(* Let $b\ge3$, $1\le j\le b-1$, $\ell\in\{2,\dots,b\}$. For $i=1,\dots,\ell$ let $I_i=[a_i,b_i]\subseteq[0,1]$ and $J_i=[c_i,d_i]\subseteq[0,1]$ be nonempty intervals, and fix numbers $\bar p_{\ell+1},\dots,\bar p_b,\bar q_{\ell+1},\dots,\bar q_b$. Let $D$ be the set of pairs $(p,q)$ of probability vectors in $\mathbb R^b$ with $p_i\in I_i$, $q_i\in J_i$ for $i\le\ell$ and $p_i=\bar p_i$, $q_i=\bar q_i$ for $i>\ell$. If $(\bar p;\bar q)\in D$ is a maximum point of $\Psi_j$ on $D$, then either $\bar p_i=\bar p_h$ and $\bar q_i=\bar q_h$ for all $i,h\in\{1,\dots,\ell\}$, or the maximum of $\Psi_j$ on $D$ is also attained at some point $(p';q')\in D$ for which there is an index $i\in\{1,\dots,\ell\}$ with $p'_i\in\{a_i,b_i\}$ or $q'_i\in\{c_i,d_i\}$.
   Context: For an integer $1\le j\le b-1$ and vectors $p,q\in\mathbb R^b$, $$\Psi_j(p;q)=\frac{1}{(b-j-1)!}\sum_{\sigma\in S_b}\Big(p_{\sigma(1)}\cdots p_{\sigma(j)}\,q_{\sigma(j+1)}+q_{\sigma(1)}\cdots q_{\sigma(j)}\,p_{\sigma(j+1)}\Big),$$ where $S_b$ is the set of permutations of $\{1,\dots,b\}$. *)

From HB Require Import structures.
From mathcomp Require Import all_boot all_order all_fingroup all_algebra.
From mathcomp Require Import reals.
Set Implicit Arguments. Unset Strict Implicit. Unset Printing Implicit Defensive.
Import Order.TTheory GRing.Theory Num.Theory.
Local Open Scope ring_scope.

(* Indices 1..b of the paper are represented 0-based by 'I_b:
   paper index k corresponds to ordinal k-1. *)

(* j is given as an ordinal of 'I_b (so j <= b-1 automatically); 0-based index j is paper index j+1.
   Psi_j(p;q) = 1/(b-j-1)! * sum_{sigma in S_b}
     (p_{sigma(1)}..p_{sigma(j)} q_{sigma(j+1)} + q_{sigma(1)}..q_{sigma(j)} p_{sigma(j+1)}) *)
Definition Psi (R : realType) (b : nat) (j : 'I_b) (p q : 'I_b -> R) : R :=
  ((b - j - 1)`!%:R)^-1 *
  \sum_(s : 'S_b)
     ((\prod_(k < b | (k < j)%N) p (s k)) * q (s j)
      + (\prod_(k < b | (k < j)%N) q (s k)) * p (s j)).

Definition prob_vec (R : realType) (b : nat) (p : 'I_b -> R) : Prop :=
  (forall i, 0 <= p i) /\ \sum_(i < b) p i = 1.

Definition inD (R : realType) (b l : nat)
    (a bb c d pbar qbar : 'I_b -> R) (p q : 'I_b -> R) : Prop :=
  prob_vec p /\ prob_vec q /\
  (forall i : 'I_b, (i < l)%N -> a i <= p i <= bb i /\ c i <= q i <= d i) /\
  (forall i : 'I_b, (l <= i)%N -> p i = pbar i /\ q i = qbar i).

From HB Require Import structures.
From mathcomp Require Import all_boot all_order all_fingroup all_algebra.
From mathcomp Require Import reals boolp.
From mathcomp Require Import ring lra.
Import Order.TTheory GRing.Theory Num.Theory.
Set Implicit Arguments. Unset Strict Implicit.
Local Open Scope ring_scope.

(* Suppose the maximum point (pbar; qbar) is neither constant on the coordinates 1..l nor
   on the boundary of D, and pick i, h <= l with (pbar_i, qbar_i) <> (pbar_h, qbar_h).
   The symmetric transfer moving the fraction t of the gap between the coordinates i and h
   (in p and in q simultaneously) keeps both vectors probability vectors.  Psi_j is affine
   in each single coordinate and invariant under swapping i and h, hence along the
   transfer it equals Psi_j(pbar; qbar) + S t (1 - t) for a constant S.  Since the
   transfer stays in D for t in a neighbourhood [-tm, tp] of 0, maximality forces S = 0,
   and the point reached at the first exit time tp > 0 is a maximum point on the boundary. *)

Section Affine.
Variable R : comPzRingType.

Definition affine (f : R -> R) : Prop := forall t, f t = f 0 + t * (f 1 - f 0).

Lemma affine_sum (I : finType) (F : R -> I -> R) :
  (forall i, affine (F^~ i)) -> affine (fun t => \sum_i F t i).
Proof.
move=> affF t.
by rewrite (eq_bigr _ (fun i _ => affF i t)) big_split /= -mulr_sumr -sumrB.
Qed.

□ □ □ □ □ □ □

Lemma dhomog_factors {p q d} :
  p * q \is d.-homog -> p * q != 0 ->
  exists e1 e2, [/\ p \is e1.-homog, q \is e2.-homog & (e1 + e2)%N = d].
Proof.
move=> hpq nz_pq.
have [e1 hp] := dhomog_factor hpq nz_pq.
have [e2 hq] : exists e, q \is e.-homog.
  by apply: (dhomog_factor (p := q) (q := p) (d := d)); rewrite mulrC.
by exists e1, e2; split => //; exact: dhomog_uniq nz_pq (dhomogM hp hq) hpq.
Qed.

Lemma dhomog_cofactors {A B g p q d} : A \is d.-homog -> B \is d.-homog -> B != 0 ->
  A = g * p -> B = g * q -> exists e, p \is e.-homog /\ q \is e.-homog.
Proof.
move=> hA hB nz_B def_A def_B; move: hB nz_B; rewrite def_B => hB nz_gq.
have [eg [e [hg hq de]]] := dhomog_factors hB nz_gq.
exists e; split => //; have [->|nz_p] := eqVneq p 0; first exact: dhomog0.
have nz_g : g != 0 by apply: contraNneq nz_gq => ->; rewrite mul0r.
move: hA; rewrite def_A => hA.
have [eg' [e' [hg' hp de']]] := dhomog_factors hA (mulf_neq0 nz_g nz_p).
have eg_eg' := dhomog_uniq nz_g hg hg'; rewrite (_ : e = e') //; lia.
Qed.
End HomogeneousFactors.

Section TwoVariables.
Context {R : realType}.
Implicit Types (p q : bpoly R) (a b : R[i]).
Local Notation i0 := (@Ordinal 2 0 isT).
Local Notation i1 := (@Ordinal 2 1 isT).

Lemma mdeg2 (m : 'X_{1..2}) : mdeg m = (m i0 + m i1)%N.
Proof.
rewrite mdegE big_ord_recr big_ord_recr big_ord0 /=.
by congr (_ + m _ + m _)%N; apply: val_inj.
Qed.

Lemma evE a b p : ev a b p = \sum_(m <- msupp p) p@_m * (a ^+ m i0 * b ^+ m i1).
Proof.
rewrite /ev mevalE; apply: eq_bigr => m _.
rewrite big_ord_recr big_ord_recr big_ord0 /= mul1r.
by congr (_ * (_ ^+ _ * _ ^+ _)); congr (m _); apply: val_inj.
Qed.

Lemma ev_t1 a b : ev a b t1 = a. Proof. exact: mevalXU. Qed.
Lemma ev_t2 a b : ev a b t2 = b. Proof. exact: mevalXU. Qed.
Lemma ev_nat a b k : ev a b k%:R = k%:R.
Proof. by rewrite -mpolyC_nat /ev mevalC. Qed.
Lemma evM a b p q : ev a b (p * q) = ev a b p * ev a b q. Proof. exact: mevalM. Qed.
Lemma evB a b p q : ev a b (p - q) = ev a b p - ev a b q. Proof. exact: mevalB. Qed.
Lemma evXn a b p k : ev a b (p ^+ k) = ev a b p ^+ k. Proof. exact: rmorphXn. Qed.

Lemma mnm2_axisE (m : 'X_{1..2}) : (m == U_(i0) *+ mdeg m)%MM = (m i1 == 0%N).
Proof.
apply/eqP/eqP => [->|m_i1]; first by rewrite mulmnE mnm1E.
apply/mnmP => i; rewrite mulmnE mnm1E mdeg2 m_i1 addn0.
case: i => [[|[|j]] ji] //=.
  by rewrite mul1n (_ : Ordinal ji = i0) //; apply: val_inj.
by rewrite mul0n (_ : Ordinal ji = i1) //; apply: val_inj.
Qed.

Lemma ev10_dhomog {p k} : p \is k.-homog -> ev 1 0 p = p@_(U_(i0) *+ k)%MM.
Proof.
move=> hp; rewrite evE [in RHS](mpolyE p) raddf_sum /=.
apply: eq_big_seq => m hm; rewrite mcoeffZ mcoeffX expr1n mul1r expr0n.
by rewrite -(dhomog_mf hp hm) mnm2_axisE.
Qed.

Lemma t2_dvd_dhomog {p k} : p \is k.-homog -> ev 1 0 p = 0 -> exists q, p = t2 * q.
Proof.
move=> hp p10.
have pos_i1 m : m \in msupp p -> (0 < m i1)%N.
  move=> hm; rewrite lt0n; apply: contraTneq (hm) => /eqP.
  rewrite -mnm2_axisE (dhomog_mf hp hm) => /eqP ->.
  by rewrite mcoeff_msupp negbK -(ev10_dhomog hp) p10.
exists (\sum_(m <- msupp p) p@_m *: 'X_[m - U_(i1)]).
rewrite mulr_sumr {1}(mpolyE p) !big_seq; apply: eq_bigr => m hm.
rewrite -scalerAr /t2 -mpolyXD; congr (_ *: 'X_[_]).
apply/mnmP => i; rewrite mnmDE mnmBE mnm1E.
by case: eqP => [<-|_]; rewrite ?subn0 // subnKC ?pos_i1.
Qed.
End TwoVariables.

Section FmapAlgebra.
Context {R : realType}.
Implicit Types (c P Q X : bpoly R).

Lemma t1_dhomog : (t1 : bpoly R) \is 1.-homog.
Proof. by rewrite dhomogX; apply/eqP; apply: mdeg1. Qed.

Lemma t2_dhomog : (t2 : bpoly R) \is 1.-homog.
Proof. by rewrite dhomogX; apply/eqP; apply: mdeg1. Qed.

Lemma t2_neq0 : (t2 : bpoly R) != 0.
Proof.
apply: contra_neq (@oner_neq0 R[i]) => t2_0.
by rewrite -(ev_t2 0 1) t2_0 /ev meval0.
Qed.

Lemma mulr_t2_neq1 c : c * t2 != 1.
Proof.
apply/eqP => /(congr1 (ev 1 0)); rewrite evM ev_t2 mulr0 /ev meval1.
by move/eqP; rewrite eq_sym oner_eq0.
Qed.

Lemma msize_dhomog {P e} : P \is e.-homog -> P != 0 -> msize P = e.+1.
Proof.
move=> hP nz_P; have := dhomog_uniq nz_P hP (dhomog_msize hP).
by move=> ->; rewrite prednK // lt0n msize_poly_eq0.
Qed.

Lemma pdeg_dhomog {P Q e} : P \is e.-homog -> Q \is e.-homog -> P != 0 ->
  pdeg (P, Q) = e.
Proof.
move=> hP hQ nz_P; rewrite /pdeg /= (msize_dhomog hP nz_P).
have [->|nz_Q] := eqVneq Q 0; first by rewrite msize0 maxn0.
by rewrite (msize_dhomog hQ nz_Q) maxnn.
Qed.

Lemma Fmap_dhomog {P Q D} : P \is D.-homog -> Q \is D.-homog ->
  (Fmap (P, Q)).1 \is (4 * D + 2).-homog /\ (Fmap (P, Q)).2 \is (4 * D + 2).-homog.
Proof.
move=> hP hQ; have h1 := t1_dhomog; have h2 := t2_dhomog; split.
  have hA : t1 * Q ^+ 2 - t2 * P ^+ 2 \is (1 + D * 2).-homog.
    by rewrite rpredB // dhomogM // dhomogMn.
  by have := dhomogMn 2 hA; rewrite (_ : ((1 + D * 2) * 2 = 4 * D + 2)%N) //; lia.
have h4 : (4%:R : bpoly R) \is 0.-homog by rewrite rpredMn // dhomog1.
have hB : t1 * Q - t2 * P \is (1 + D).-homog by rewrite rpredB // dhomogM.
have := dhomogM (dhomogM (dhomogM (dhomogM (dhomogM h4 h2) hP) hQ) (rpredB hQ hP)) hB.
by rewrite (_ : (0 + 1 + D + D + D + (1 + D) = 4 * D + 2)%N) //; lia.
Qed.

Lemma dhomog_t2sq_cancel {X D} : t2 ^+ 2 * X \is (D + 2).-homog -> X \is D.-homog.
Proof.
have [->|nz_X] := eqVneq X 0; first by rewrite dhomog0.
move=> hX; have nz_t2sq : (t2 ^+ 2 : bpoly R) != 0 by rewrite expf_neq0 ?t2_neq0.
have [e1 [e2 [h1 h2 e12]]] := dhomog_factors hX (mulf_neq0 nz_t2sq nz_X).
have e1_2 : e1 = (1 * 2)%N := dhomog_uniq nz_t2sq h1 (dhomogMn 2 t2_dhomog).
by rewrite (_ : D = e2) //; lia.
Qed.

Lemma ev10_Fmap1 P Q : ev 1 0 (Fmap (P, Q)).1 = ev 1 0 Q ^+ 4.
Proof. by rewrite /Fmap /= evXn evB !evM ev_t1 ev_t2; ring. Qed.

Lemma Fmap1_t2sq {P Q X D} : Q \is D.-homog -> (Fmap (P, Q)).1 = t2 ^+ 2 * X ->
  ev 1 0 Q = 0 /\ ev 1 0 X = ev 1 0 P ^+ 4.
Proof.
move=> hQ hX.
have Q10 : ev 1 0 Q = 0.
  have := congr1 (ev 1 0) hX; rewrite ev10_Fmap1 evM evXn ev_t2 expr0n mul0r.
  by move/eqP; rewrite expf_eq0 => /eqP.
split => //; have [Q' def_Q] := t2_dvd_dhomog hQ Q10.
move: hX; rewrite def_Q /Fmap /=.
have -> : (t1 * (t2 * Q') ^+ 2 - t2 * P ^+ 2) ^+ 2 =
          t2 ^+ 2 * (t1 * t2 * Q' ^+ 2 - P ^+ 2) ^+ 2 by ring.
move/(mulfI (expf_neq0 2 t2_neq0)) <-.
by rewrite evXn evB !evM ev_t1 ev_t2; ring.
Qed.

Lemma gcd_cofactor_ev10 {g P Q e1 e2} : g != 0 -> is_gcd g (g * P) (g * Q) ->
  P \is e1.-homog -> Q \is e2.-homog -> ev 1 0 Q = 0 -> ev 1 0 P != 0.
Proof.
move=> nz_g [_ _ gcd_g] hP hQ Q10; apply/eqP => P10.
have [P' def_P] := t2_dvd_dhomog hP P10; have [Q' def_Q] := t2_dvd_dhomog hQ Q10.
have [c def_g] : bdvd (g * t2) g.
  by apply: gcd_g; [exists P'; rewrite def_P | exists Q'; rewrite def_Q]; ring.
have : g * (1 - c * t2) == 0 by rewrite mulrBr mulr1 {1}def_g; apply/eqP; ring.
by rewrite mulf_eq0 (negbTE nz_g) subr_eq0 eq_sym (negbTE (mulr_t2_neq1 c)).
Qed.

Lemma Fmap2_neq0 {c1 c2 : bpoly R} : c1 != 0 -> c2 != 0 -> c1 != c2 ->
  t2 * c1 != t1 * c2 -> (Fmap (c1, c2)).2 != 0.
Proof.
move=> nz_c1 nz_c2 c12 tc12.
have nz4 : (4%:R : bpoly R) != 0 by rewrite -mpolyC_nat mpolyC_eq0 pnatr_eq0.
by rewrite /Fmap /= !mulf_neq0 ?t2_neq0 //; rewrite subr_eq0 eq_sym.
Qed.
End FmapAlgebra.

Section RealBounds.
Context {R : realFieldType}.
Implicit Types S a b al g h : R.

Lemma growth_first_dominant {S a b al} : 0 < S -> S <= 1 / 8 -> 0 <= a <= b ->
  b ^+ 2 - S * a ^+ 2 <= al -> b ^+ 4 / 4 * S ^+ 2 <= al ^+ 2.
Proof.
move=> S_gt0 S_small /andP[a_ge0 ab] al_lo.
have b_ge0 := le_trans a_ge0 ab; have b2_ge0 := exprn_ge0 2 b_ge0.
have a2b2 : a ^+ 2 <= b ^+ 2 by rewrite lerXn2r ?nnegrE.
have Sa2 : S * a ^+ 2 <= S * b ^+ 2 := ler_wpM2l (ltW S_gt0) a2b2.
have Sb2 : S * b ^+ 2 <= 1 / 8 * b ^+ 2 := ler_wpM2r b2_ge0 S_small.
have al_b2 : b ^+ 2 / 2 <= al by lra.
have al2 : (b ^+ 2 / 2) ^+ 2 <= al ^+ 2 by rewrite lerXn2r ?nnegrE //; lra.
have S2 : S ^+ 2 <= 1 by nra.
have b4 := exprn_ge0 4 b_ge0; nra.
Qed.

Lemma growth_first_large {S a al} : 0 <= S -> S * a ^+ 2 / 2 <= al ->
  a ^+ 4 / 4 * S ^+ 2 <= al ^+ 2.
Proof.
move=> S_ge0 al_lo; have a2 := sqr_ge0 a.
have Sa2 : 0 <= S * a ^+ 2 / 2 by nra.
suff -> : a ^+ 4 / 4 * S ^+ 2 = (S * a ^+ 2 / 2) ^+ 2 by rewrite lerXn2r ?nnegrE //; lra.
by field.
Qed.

□ □ □ □ □ □ □

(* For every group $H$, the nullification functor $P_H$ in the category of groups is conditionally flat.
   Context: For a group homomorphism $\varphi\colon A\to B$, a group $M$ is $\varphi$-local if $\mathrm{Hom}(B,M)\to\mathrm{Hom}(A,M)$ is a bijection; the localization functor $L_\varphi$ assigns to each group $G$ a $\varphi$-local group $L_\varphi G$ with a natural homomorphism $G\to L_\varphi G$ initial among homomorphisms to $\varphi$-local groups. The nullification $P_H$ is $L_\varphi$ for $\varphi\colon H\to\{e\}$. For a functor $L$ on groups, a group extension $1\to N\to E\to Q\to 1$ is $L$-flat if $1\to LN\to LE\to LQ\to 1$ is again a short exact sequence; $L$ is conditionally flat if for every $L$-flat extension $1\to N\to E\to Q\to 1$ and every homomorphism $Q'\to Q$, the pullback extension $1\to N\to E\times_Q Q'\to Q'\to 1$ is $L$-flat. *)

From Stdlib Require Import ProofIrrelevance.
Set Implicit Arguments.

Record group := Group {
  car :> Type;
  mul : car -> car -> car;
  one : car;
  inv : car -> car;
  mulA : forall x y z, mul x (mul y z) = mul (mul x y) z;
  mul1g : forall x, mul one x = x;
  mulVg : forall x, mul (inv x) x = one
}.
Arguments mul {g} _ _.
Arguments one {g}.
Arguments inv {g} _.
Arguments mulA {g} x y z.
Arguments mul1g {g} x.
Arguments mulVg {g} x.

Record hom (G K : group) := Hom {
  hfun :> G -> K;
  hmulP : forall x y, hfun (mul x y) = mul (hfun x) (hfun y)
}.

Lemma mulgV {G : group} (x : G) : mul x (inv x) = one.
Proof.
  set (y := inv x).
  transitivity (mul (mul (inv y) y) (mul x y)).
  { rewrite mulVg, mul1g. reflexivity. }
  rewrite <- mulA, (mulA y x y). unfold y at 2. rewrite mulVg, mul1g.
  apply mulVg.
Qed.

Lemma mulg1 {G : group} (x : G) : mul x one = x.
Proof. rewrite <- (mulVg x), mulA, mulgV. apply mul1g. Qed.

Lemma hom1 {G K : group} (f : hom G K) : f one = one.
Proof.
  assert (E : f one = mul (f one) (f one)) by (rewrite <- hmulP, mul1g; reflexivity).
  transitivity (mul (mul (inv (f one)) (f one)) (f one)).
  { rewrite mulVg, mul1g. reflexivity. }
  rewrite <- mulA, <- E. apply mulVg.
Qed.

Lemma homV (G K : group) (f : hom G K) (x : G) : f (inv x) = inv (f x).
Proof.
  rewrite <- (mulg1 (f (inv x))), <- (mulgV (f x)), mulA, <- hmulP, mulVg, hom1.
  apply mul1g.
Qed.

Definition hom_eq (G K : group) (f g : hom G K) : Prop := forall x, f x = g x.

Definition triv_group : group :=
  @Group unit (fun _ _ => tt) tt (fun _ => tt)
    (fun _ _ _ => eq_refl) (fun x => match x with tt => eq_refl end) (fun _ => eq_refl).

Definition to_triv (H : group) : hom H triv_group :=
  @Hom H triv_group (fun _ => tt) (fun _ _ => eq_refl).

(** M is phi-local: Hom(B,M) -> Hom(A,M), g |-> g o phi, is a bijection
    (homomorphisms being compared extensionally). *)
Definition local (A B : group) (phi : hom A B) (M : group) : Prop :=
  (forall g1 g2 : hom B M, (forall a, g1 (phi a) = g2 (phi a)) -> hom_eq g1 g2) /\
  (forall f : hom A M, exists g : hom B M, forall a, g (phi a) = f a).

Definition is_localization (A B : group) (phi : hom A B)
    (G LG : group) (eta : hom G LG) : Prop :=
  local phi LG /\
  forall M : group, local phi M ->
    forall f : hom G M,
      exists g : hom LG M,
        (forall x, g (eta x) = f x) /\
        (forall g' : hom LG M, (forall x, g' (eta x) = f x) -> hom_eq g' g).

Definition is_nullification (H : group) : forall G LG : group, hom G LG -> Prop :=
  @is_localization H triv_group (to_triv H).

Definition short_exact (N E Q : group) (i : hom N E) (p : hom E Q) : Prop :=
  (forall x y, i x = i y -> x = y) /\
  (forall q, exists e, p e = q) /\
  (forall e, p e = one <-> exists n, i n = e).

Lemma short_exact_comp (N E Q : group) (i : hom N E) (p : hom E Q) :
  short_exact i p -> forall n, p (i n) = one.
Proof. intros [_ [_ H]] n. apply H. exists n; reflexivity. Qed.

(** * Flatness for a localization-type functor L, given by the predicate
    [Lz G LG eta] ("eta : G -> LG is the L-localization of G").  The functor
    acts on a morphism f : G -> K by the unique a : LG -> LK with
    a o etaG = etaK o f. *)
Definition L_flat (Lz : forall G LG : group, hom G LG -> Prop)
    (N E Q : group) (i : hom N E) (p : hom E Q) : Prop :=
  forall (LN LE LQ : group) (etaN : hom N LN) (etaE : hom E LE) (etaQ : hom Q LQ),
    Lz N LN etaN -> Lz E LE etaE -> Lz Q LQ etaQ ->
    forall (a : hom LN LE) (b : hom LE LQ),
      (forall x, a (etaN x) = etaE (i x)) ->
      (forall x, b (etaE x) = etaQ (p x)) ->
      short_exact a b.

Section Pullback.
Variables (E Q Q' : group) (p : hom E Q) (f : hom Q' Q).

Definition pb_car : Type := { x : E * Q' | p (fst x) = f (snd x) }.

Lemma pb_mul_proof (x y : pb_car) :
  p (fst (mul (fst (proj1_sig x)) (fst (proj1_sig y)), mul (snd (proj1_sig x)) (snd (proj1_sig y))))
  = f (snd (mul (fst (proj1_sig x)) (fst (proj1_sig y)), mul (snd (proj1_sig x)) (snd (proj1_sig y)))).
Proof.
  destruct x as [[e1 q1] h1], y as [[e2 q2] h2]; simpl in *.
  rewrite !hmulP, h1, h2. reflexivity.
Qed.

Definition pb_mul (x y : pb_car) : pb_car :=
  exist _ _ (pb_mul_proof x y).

□ □ □ □ □ □ □

• **ASSIGNMENT**: Provide solely the number of lines in the data that include the word "etaN".

• **EXERCISE RESULT**: 3